* _What is expected_: Your answer should be the exact lines of the records, starting with the one containing "- exact: converges_in_distribution_forward" and running to the end.

* _Collected data entries_:
Theorem lemma2p6 (R : realType) (k : nat) (hk : (2 <= k)%N)
  (d : measure_display) (T : measurableType d) (mu : probability T R)
  (theta thinv : T -> T)
  (hTheta : invertible_ergodic_mds mu theta thinv)
  (P : nat -> T -> 'M[R]_k)
  (hP : transition_cocycle mu theta P) :
  [/\ converges_in_distribution mu P <->
        (exists p, pullback_attractor mu theta thinv P p),
      converges_in_distribution mu P <->
        (exists p, forward_attractor mu theta P p)
    & forall p1 p2 : T -> 'cV[R]_k,
        (pullback_attractor mu theta thinv P p1 \/ forward_attractor mu theta P p1) ->
        (pullback_attractor mu theta thinv P p2 \/ forward_attractor mu theta P p2) ->
        {ae mu, forall w, p1 w = p2 w}].
Proof.
have k_gt0 : (0 < k)%N by apply: leq_trans hk.
pose i0 : 'I_k := Ordinal k_gt0.
split.
- exact: converges_in_distribution_pullback hTheta hP i0.
- exact: converges_in_distribution_forward hTheta hP i0.
- move=> p1 p2 /(attractor_invariant_pb_diam hTheta hP) [inv1 hD]
    /(attractor_invariant_pb_diam hTheta hP) [inv2 _].
  exact: invariant_distribution_unique hTheta i0 _ _ inv1 inv2 hD.
Qed.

* _Result_:
- exact: converges_in_distribution_forward hTheta hP i0.
- move=> p1 p2 /(attractor_invariant_pb_diam hTheta hP) [inv1 hD]
    /(attractor_invariant_pb_diam hTheta hP) [inv2 _].
  exact: invariant_distribution_unique hTheta i0 _ _ inv1 inv2 hD.
Qed.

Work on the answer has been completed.